- **SUPPLIED DATA**
Lemma solution_le {b : R} : (forall x, U x -> `|x| <= b) ->
  forall x, closure U x -> u x <= v x.
Proof.
have [[_ v_C2] _] := v_sol.
move=> Ub x0 clx0; rewrite leNgt; apply/negP => vu_lt.
set M0 := u x0 - v x0; have M0_gt0 : 0 < M0 by rewrite subr_gt0.
have M02_gt0 : 0 < M0 / 2 by rewrite divr_gt0.
set K := [set y | closure U y /\ M0 / 2 <= u y - v y].
have cU : compact (closure U) := bounded_closure_compact Ub.
have KU : K `<=` U := superlevel_sub _ M02_gt0.
have [B dvB] : exists B, forall i y, K y -> `|'D_(evec R i) v y| <= B.
  apply: compact_continuous_family_bounded (superlevel_compact _ cU) _ => i.
  apply: continuous_in_subspaceT => y; rewrite inE => Ky.
  exact: differentiable_continuous ((v_C2 (evec R i)).1 y (KU y Ky)).
have [C dHC] : exists C, forall p, `|p| <= B + 1 -> `|'D_(evec R 0) H p| <= C.
  apply: compact_continuous_bounded (compact_norm_le _ (B + 1)) _.
  by apply: continuous_subspaceT => p; exact: H_C1.2 (evec R 0) p I.
set lam := `|C| / eps + 1.
have lam_gt0 : 0 < lam by rewrite ltr_wpDl // divr_ge0 // ltW.
have C_lt : C < eps * lam.
  by rewrite mulrDr mulr1 mulrC divfK ?gt_eqF // (le_lt_trans (ler_norm C)) // ltrDl.
set E0 := expR (lam * b).
have phi_le y : closure U y -> expR (lam * y 0 0) <= E0.
  move=> /(closure_norm_le Ub) /= yb; rewrite ler_expR ler_pM2l //.
  apply: le_trans (ler_norm _) (le_trans _ yb).
  exact: coord_le_norm.
have [eta eta_gt0 [eta_E0 eta_lam]] := @small_weight_exists _ _ E0 _ M02_gt0 (expR_gt0 _) lam_gt0.
pose f y := u y - v y + eta * expR (lam * y 0 0).
have [x clx fmax] := EVT_max_rV (ex_intro _ x0 clx0) cU (perturbed_continuous lam eta).
rewrite inE in clx.
have Kx : K x.
  split => //.
  have w_le : eta * expR (lam * x 0 0) <= eta * E0 by rewrite ler_pM2l // phi_le.
  have w0_gt0 : 0 < eta * expR (lam * x0 0 0) by rewrite mulr_gt0 ?expR_gt0.
  have := fmax x0 (mem_set clx0); rewrite /f -/M0; lra.
have s_le1 : eta * lam * expR (lam * x 0 0) <= 1.
  apply: le_trans eta_lam; rewrite ler_pM2l ?mulr_gt0 //; exact: phi_le.
have fmax_U y : U y -> f y <= f x by move=> Uy; apply/fmax/mem_set/subset_closure.
have := perturbed_max_bound _ _ _ _ _ (KU _ Kx) eta_gt0 lam_gt0 s_le1 fmax_U
  (fun i => dvB i x Kx) dHC.
by rewrite leNgt C_lt.
Qed.

End Comparison.

Theorem theorem6 (R : realType) (m : nat) (U : set 'rV[R]_(1 + m))
    (H : 'rV[R]_(1 + m) -> R) (gamma delta eps : R)
    (u v : 'rV[R]_(1 + m) -> R) :
  smooth_bounded_domain U ->
  smooth H -> H 0 < 0 -> superlinear H ->
  0 < gamma -> 0 < delta ->
  (forall p, delta <= dotv (grad H p) p - gamma * H p) ->
  0 < eps ->
  classical_solution U H eps u ->
  classical_solution U H eps v ->
  forall x, closure U x -> u x = v x.
Proof.
move=> [openU [_ [[b Ub] _]]] H_smooth _ _ _ _ _ eps_gt0 u_sol v_sol x clx.
have U_norm_le y : U y -> `|y| <= b by move=> Uy; exact: le_trans (norm_le_enorm y) (Ub y Uy).
have H_C1 := H_smooth 1%N.
have u_le_v := solution_le openU H_C1 eps_gt0 u_sol v_sol U_norm_le.
have v_le_u := solution_le openU H_C1 eps_gt0 v_sol u_sol U_norm_le.
by apply/eqP; rewrite eq_le u_le_v ?v_le_u.
Qed.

- **TO DO**
The lines from the top of the data above down to the line containing "have cU : compact" are to be copied exactly; no other line should appear.

- **RESULT**
Lemma solution_le {b : R} : (forall x, U x -> `|x| <= b) ->
  forall x, closure U x -> u x <= v x.
Proof.
have [[_ v_C2] _] := v_sol.
move=> Ub x0 clx0; rewrite leNgt; apply/negP => vu_lt.
set M0 := u x0 - v x0; have M0_gt0 : 0 < M0 by rewrite subr_gt0.
have M02_gt0 : 0 < M0 / 2 by rewrite divr_gt0.
set K := [set y | closure U y /\ M0 / 2 <= u y - v y].
have cU : compact (closure U) := bounded_closure_compact Ub.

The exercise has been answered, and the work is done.